Long-Term Persistence of Inappropriate Antidiuretic Hormone Secretion Following Minor Head Injury

Eur J Case Rep Intern Med. 2024 Nov 19;11(12):005028. doi: 10.12890/2024_005028. eCollection 2024.

Abstract

The syndrome of inappropriate antidiuretic hormone secretion (SIADH) is a common cause of euvolemic hyponatremia, resulting from non-osmotic release of antidiuretic hormone (ADH). SIADH is frequently associated with neurological conditions, including traumatic brain injury (TBI). TBI-associated SIADH usually develops within days to weeks and resolves within a few weeks. We present the case of a 74-year-old man who, after a fall resulting in TBI, initially had normal sodium levels. Fifteen days later, he developed moderate-to-severe hyponatremia (120 mmol/l) and significant neurological symptoms. Treatment with urea effectively normalized his sodium levels and resolved symptoms. However, recurrent hyponatremia persisted for over six months whenever urea treatment was discontinued. This unusual duration of TBI-associated SIADH underscores the importance of long-term follow-up in the management of post-traumatic hyponatremia.

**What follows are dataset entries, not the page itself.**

(* The squares of the n-th roots a z^k sum to 0, so if none had positive real
   part they would all be purely imaginary; comparing k = 0 and k = 1 then
   forces z^4 = 1. *)
Lemma exists_root_Re_sqr_gt0 n (a : algC) : (4 < n)%N -> a != 0 ->
  exists2 y : algC, y ^+ n = a ^+ n & 0 < 'Re (y ^+ 2).
Proof.
move=> n_gt4 a_neq0; have n_gt0 : (0 < n)%N by apply: leq_trans n_gt4.
have [z prim_z] := C_prim_root_exists n_gt0.
have zn1 := prim_expr_order prim_z.
case: (boolP [exists k : 'I_n, 0 < 'Re ((a * z ^+ k) ^+ 2)]).
  case/existsP=> k Re_gt0; exists (a * z ^+ k) => //.
  by rewrite exprMn exprAC zn1 expr1n mulr1.
rewrite negb_exists => /forallP Re_le0; exfalso.
have sum_Re0 : \sum_(k < n) 'Re ((a * z ^+ k) ^+ 2) = 0.
  have z2_neq1 : z ^+ 2 != 1.
    by rewrite -(prim_order_dvd prim_z); apply/negP => /dvdn_leq; lia.
  rewrite -raddf_sum (eq_bigr (fun k : 'I_n => a ^+ 2 * (z ^+ 2) ^+ k)).
    by rewrite -mulr_sumr sum_unity_root_expr0 ?mulr0 ?raddf0 // exprAC zn1 expr1n.
  by move=> k _; rewrite exprMn exprAC.
have Re0 (k : 'I_n) : 'Re ((a * z ^+ k) ^+ 2) = 0.
  have Re_ge0 (j : 'I_n) : true -> 0 <= - 'Re ((a * z ^+ j) ^+ 2).
    by rewrite oppr_ge0 real_leNgt ?Re_le0 ?Creal_Re.
  apply: oppr_inj; rewrite oppr0; have := psumr_eq0P Re_ge0.
  by rewrite sumrN sum_Re0 oppr0 => /(_ erefl k isT).
have z_norm1 : `|z| = 1 by apply: (norm_eq1_of_expr n_gt0); rewrite zn1 normr1.
have n_gt1 : (1 < n)%N by lia.
have := sqr_Re_eq0 (Re0 (Ordinal n_gt1)).
have := sqr_Re_eq0 (Re0 (Ordinal n_gt0)).
rewrite /= expr0 mulr1 expr1 => a4 /eqP.
have -> : `|(a * z) ^+ 2| = `|a ^+ 2|.
  by rewrite exprMn normrM [`|z ^+ 2|]normrX z_norm1 expr1n mulr1.
rewrite -a4 -exprM exprMn exprM -[X in _ == X]mulr1 (inj_eq (mulfI _)).
  by rewrite -(prim_order_dvd prim_z) => /dvdn_leq; lia.
by rewrite !expf_neq0.
Qed.

Lemma rootC_Re_norm_le n (x y : algC) : (0 < n)%N -> ~~ odd n -> x \is Creal ->
  y ^+ n = x -> `|'Re y| <= 'Re (n.-root x).
Proof.
move=> n_gt0 n_even x_real.
have conj_root y' : y' ^+ n = x -> y'^* ^+ n = x.
  by rewrite -rmorphXn => ->; apply/CrealP.
wlog Im_ge0 : y / 0 <= 'Im y => [wlog_y yn | yn].
  have [Im_ge0|Im_lt0] := boolP (0 <= 'Im y); first exact: wlog_y Im_ge0 yn.
  rewrite -Re_conj; apply: wlog_y; last exact: conj_root.
  by rewrite Im_conj oppr_ge0 ltW // real_ltNge ?Creal_Im.
apply/real_ler_normlP; first exact: Creal_Re.
split; last exact: rootC_Re_max.
rewrite -Re_conj -raddfN; apply: rootC_Re_max => //.
  by rewrite exprNn -signr_odd (negPf n_even) mul1r conj_root.
by rewrite raddfN /= Im_conj opprK.
Qed.

Lemma Re_sqr_rootC_gt0 n (x : algC) : (4 < n)%N -> ~~ odd n -> x \is Creal ->
  x != 0 -> 0 < 'Re (n.-root x ^+ 2).
Proof.
move=> n_gt4 n_even x_real x_neq0; have n_gt0 : (0 < n)%N by lia.
set r := n.-root x; have rn : r ^+ n = x := rootCK n_gt0 x.
have r_neq0 : r != 0 by rewrite rootC_eq0.
have [y yn Re_y2_gt0] := exists_root_Re_sqr_gt0 n_gt4 r_neq0.
have norm_y : `|y| = `|r|.
  by apply/eqP; rewrite -(eqrXn2 n_gt0) ?normr_ge0 // -!normrX yn.
have Re_y_le : `|'Re y| <= 'Re r by apply: rootC_Re_norm_le; rewrite ?yn.
apply: lt_le_trans Re_y2_gt0 _; rewrite !Re_sqr norm_y lerD2r ler_pM2l //.
rewrite -real_normK ?Creal_Re // lerXn2r ?nnegrE //.
exact: le_trans (normr_ge0 _) Re_y_le.
Qed.

Lemma alpha_expr p : (0 < p)%N -> alpha p ^+ (2 * p) = -1.
Proof. by move=> p_gt0; rewrite rootCK // muln_gt0. Qed.

Lemma alpha8_neq1 p : (2 < p)%N -> alpha p ^+ 8 != 1.
Proof.
move=> p_gt2; have p_gt0 : (0 < p)%N by lia.
set b := alpha p ^+ 2.
have Re_b_gt0 : 0 < 'Re b.
  by apply: Re_sqr_rootC_gt0; rewrite ?oddM ?rpredN1 ?oppr_eq0 ?oner_eq0 //; lia.
have bp : b ^+ p = -1 by rewrite -exprM alpha_expr.
have b_norm1 : `|b| = 1 by apply: (norm_eq1_of_expr p_gt0); rewrite bp normrN1.
have Re_N1 : 'Re (-1 : algC) = -1 by apply/Creal_ReP; rewrite rpredN1.
have -> : alpha p ^+ 8 = (b ^+ 2) ^+ 2 by rewrite -!exprM.
rewrite sqrf_eq1; apply/negP.
case/orP=> [|/eqP b2].
  rewrite sqrf_eq1 => /orP[/eqP b1 | /eqP bN1].
    move: bp; rewrite b1 expr1n => /eqP.
    by rewrite -subr_eq0 opprK (pnatr_eq0 _ 2).
  by move: Re_b_gt0; rewrite bN1 Re_N1 ltr0N1.
have := Re_sqr b; rewrite b2 Re_N1 b_norm1 expr1n => /eqP.
rewrite eq_sym subr_eq addNr mulf_eq0 pnatr_eq0 /= sqrf_eq0 => /eqP Re_b0.
by move: Re_b_gt0; rewrite Re_b0 ltxx.
Qed.

Lemma alpha_expr4 p : (0 < p)%N -> alpha p ^+ (4 * p) = 1.
Proof.
by move=> p_gt0; rewrite -[4%N]/(2 * 2)%N mulnAC exprM alpha_expr // sqrrN expr1n.
Qed.

Lemma alpha4_prim_root p : prime p -> odd p -> p.-primitive_root (alpha p ^+ 4).
Proof.
move=> p_pr p_odd; apply: (prime_prim_root p_pr).
  by rewrite -exprM alpha_expr4 ?prime_gt0.
apply: contraNneq (alpha8_neq1 (odd_prime_gt2 p_pr p_odd)) => a4_1.
by rewrite -[8%N]/(4 * 2)%N exprM a4_1 expr1n.
Qed.

Lemma neg_alpha4_prim_root q : prime q -> odd q ->
  q.-primitive_root (- alpha (2 * q) ^+ 4).
Proof.
move=> q_pr q_odd; have q_gt0 := prime_gt0 q_pr.
have two_q_gt2 : (2 < 2 * q)%N by have := prime_gt1 q_pr; lia.
apply: (prime_prim_root q_pr).
  rewrite exprNn -signr_odd q_odd -exprM -[4%N]/(2 * 2)%N -mulnA.
  by rewrite alpha_expr ?muln_gt0 // mulN1r opprK.
apply: contraNneq (alpha8_neq1 two_q_gt2) => a4_1.
by rewrite -[8%N]/(4 * 2)%N exprM -sqrrN a4_1 expr1n.
Qed.

Lemma bracket_e_sqr (A : algC) i : A != 0 -> bracket_e A i ^+ 2 =
  ((A ^+ 4) ^+ i.+1 + (A ^+ 4) ^- i.+1 - 2) / (A ^+ 2 - A ^- 2) ^+ 2.
Proof.
move=> A_neq0; rewrite /bracket_e /qint exprMn sqrr_sign mul1r expr_div_n.
have u_neq0 : A ^+ (2 * i.+1) != 0 by rewrite expf_neq0.
have -> : (A ^+ 4) ^+ i.+1 = (A ^+ (2 * i.+1)) ^+ 2.
  by rewrite -!exprM; congr (A ^+ _); lia.
by congr (_ / _); field.
Qed.

Section BracketSums.

Variables (A : algC) (m : nat).
Hypotheses (A_neq0 : A != 0) (A4_neq1 : A ^+ 4 != 1).

Lemma sum_bracket_e_sqr_odd : (A ^+ 4) ^+ m.*2.+1 = 1 ->
  \sum_(j < m) bracket_e A (2 * j) ^+ 2 = - m.*2.+1%:R / (A ^+ 2 - A ^- 2) ^+ 2.
Proof.
move=> A4n1; under eq_bigr do rewrite bracket_e_sqr // mul2n.
rewrite -mulr_suml sumrB (sum_unity_root_odd_exprDV _ A4n1) //.
rewrite sumr_const card_ord -[m.*2.+1]addn1 -[m.*2]muln2 natrD natrM mulr_natr.
by congr (_ / _); ring.
Qed.

Lemma sum_bracket_e_sqr_even : (0 < m)%N -> (A ^+ 4) ^+ m = 1 ->
  \sum_(i < m.-1) bracket_e A i ^+ 2 = - m.*2%:R / (A ^+ 2 - A ^- 2) ^+ 2.
Proof.
move=> m_gt0 A4m1; under eq_bigr do rewrite bracket_e_sqr //.
rewrite -mulr_suml sumrB sum_unity_root_exprDV // sumr_const card_ord.
rewrite -[in RHS](prednK m_gt0) -[m.-1.+1.*2]muln2 -[m.-1.+1]addn1.
rewrite natrM natrD mulr_natr.
by congr (_ / _); ring.
Qed.

End BracketSums.

Lemma Omega_alpha p : (2 < p)%N ->
  Omega p = - p%:R * alpha p ^+ 8 / (1 - alpha p ^+ 8) ^+ 2.
Proof.
move=> p_gt2; have p_gt0 : (0 < p)%N by lia.
have a_neq0 : alpha p != 0 by rewrite rootC_eq0 ?muln_gt0 // oppr_eq0 oner_eq0.
have A_neq0 : Ap p != 0 by rewrite expf_neq0.
have A4 : Ap p ^+ 4 = alpha p ^+ 8 by rewrite -exprM.
have a8_neq1 := alpha8_neq1 p_gt2.
have a8_unity k : (p %| 2 * k)%N -> (alpha p ^+ 8) ^+ k = 1.
  case/dvdnP=> j def_k; rewrite -exprM (_ : 8 * k = 4 * p * j)%N; last by nia.
  by rewrite exprM alpha_expr4 // expr1n.
suff -> : Omega p = - p%:R / (Ap p ^+ 2 - Ap p ^- 2) ^+ 2.
  have a81_neq0 : 1 - alpha p ^+ 8 != 0 by rewrite subr_eq0 eq_sym.
  rewrite /Ap -!exprM; field.
  by rewrite a81_neq0 a_neq0 -expr2 -exprM subr_eq0 a8_neq1.
rewrite /Omega; case: ifP => p_odd.
  have def_p : p = (p./2).*2.+1 by rewrite -[LHS]odd_double_half p_odd.
  have -> : (p.-1)./2 = p./2 by rewrite {1}def_p /= doubleK.
  by rewrite sum_bracket_e_sqr_odd -?def_p ?A4 ?a8_unity ?dvdn_mull.
have def_p : p = (p./2).*2 by rewrite -[LHS]odd_double_half p_odd.
rewrite subn1 sum_bracket_e_sqr_even -?def_p ?A4 ?a8_unity ?mul2n -?def_p //.
lia.
Qed.

Lemma sqr_expr_half (R : ringType) (x : R) n :
  ~~ odd n -> (x ^+ n./2) ^+ 2 = x ^+ n.
Proof.
by move=> n_even; rewrite -exprM muln2 -[in RHS](odd_double_half n) (negPf n_even).
Qed.

Theorem lemma2p4 (p : nat) (eta : algC) (Heta : eta ^+ 2 * Omega p = 1) :
  (prime p -> odd p ->
     assoc eta^-1 ((1 - Ap p ^+ 2) ^+ ((p - 3)./2))) /\
  (forall q : nat, prime q -> odd q -> p = (2 * q)%N ->
     assoc eta^-1 (sqrtC 2 * (1 + alpha p ^+ 4) ^+ ((q - 3)./2))).
Proof.
have eta_inv2 : eta^-1 ^+ 2 = Omega p by rewrite exprVn; apply: mulr1_eq.
split=> [p_pr p_odd | q q_pr q_odd def_p]; last subst p.
  have p_gt2 := odd_prime_gt2 p_pr p_odd.
  rewrite -exprM; apply: (assoc_prime_cyclotomic (N := 1) p_pr p_odd).
  - exact: alpha4_prim_root.
  - exact: oner_neq0.
  - by rewrite eta_inv2 Omega_alpha // -exprM mul1r.
  - by rewrite mul1r sqr_expr_half // oddB ?p_odd.
have q_gt2 := odd_prime_gt2 q_pr q_odd.
have two_q_gt2 : (2 < 2 * q)%N by lia.
rewrite -[alpha _ ^+ 4]opprK.
apply: (assoc_prime_cyclotomic (N := 2) q_pr q_odd).
- exact: neg_alpha4_prim_root.
- by rewrite pnatr_eq0.
- by rewrite eta_inv2 Omega_alpha // sqrrN -exprM natrM.
- by rewrite exprMn sqrtCK sqr_expr_half // oddB ?q_odd.
Qed.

Learning points: While the syndrome of inappropriate antidiuretic hormone secretion (SIADH) is typically transient, it can persist after even minor head trauma, highlighting the importance of long-term follow-up in cases of post-traumatic hyponatremia.Urea therapy is effective and well-tolerated for managing chronic hyponatremia in SIADH, offering a sustainable long-term treatment option.Even mild hyponatremia can lead to subtle but impactful cognitive and motor symptoms.

Keywords: SIADH; hyponatremia; persistent hyponatremia; traumatic brain injury.